Question 2. If $f: X \to Y$ is an invertible function, its inverse $f^{-1}: Y \to X$ has which of the following properties?

(A) It is unique.

(B) Its domain is the codomain of $f$.

(C) Its range is the domain of $f$.

(D) $f \circ f^{-1} = I_Y$ and $f^{-1} \circ f = I_X$

Question 3. Which of the following real functions are invertible over their natural domains and codomains $\mathbb{R}$?

(A) $f(x) = x + 5$

(B) $f(x) = x^2$

(C) $f(x) = \frac{1}{x}$

(D) $f(x) = x^3$

Question 4. If $f(x) = ax+b$ where $a \neq 0$, which of the following are true about its inverse?

(A) The inverse exists.

(B) The inverse is $f^{-1}(x) = \frac{x-b}{a}$.

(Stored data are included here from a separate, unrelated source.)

(* The even links carry the row data [lam], the odd ones the column data [mu]; the chain
   of matrix units only closes when the two agree. *)
Lemma alt_chain_prod m (lam mu : {ffun 'I_m.-1 -> 'I_n}) x y : odd m ->
  \prod_(0 <= j < m) (if odd j then col_link mu j else row_link lam x y j) =
  (lam == mu)%:R *: delta_mx y x.
Proof.
case: m lam mu => // k lam mu /= /negbTE k_even.
pose a j := if odd j then chain_at mu j else row_index lam x y j.
pose b j := if odd j then chain_at mu j.+1 else row_index lam x y j.+1.
rewrite (eq_big_nat _ _ (F2 := fun j => delta_mx (a j) (b j))); last first.
  by move=> j _; rewrite /a /b /col_link /row_link; case: (odd j).
rewrite prod_delta_mx /a /b /= k_even /row_index /= eqxx; congr (_ *: _).
rewrite -prod_eq_ffun big_mkord; apply: eq_bigr => j _.
have lamE : chain_at lam j.+1 = lam j by rewrite /chain_at /= valK.
have muE : chain_at mu j.+1 = mu j by rewrite /chain_at /= valK.
have jk : (j.+1 == k.+1) = false by rewrite eqSS ltn_eqF.
by rewrite /= jk lamE muE; case: (odd j); rewrite // eq_sym.
Qed.

End MatrixUnits.
Arguments row_link {F n} i0 {m} lam x y j.
Arguments col_link {F n} i0 {k} mu j.

Section TraceDuality.
Variables (F : fieldType) (n : nat).
Local Notation Mx := 'M[F]_n.

Lemma mxtrace_vec_mx (u : 'rV[F]_(n * n)) (M : Mx) :
  \tr ((vec_mx u)^T *m M) = \sum_j u 0 j * mxvec M 0 j.
Proof.
rewrite (reindex _ (curry_mxvec_bij n n)) /=.
rewrite (eq_bigr (fun p => u 0 (mxvec_index p.1 p.2) * mxvec M 0 (mxvec_index p.1 p.2)));
  last by case.
rewrite -(pair_bigA _ (fun a b => u 0 (mxvec_index a b) * mxvec M 0 (mxvec_index a b))) /=.
rewrite /mxtrace [RHS]exchange_big /=; apply: eq_bigr => a _; rewrite !mxE.
apply: eq_bigr => b _; rewrite mxE (mxvecE M b a); congr (_ * _).
by rewrite -{2}(vec_mxK u) (mxvecE (vec_mx u) b a).
Qed.

Lemma mxtrace_separating_span (I : finType) (B : I -> Mx) :
  (forall X, (forall c, \tr (X *m B c) = 0) -> X = 0) ->
  forall Z, exists be : I -> F, Z = \sum_i be i *: B i.
Proof.
move=> sepB Z.
pose W : 'M[F]_(#|I|, n * n) := \matrix_(i, j) mxvec (B (enum_val i)) 0 j.
have fullW : row_full W.
  have -> : row_full W = row_free W^T by rewrite /row_free mxrank_tr.
  rewrite -kermx_eq0; apply: contraT => /rowV0Pn[v /sub_kermxP vW].
  suff /eqP : (vec_mx v)^T = 0 by rewrite trmx_eq0 vec_mx_eq0 => ->.
  apply: sepB => c; rewrite mxtrace_vec_mx.
  transitivity ((v *m W^T) 0 (enum_rank c)); last by rewrite vW mxE.
  by rewrite mxE; apply: eq_bigr => j _; rewrite !mxE enum_rankK.
have /submxP[a aW] := submx_full (mxvec Z) fullW.
exists (fun i => a 0 (enum_rank i)).
rewrite -[Z]mxvecK aW mulmx_sum_row linear_sum /=.
rewrite (reindex (@enum_val I predT)) /=; last exact/onW_bij/enum_val_bij.
apply: eq_bigr => k _; rewrite enum_valK linearZ /=; congr (_ *: _).
by rewrite -[B _]mxvecK; congr vec_mx; apply/rowP => j; rewrite !mxE.
Qed.

Definition proportional (I : Type) (W : I -> Mx) := exists M, forall x, exists c, W x = c *: M.

Lemma proportional_of_minors (I : Type) (W : I -> Mx) :
  (forall x1 x2 i1 j1 i2 j2, W x1 i1 j1 * W x2 i2 j2 = W x2 i1 j1 * W x1 i2 j2) ->
  proportional W.
Proof.
move=> minor0.
have [[x1 [i1 [j1 W1ij]]]|W0] := pselect (exists x i j, W x i j != 0); last first.
  exists 0 => x; exists 0; rewrite scale0r; apply/matrixP => i j; rewrite mxE.
  by apply: contra_notP W0 => /eqP Wij; exists x, i, j.
exists (W x1) => x; exists (W x i1 j1 / W x1 i1 j1); apply/matrixP => i2 j2.
by rewrite mxE -[W x i2 j2](mulKf W1ij) (minor0 x1 x i1 j1 i2 j2) mulrAC mulrC.
Qed.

(C) The inverse is also a linear function.

(D) The graph of $f^{-1}(x)$ is the reflection of the graph of $f(x)$ across the line $y=x$.

Question 5. A binary operation $*$ on a set $S$ has which of the following properties?

(A) It is a function from $S \times S$ to $S$.

(B) For any $a, b \in S$, $a * b$ is a unique element in $S$.

(C) The operation must be commutative.

(D) The operation must have an identity element.

Question 6. Consider the set of integers $\mathbb{Z}$. Which of the following are binary operations on $\mathbb{Z}$?

(A) Addition ($+$)

(B) Subtraction ($-$)

(C) Multiplication ($\times$)

(D) Division ($\div$)

Question 7. Which of the following binary operations on $\mathbb{Z}$ are commutative?

(A) $a * b = a + b$

(B) $a * b = a - b$

(C) $a * b = a \times b$

(D) $a * b = \max(a, b)$

Question 8. Which of the following binary operations on $\mathbb{Z}$ are associative?

(A) $a * b = a + b$

(B) $a * b = a - b$

(C) $a * b = a \times b$

(D) $a * b = a^b$

Question 9. For the set of integers $\mathbb{Z}$ with the operation of addition ($+$), which of the following are true?

(A) $0$ is the identity element.

(B) The inverse of an element $a$ is $-a$.

(C) Every element in $\mathbb{Z}$ has an inverse under addition.

(D) $\mathbb{Z}$ is closed under addition.

Question 10. For the set of non-zero real numbers $\mathbb{R}^*$ with the operation of multiplication ($\times$), which of the following are true?

(A) $1$ is the identity element.

(B) The inverse of an element $a$ is $1/a$.

(C) Every element in $\mathbb{R}^*$ has an inverse under multiplication.

(D) $\mathbb{R}^*$ is closed under multiplication.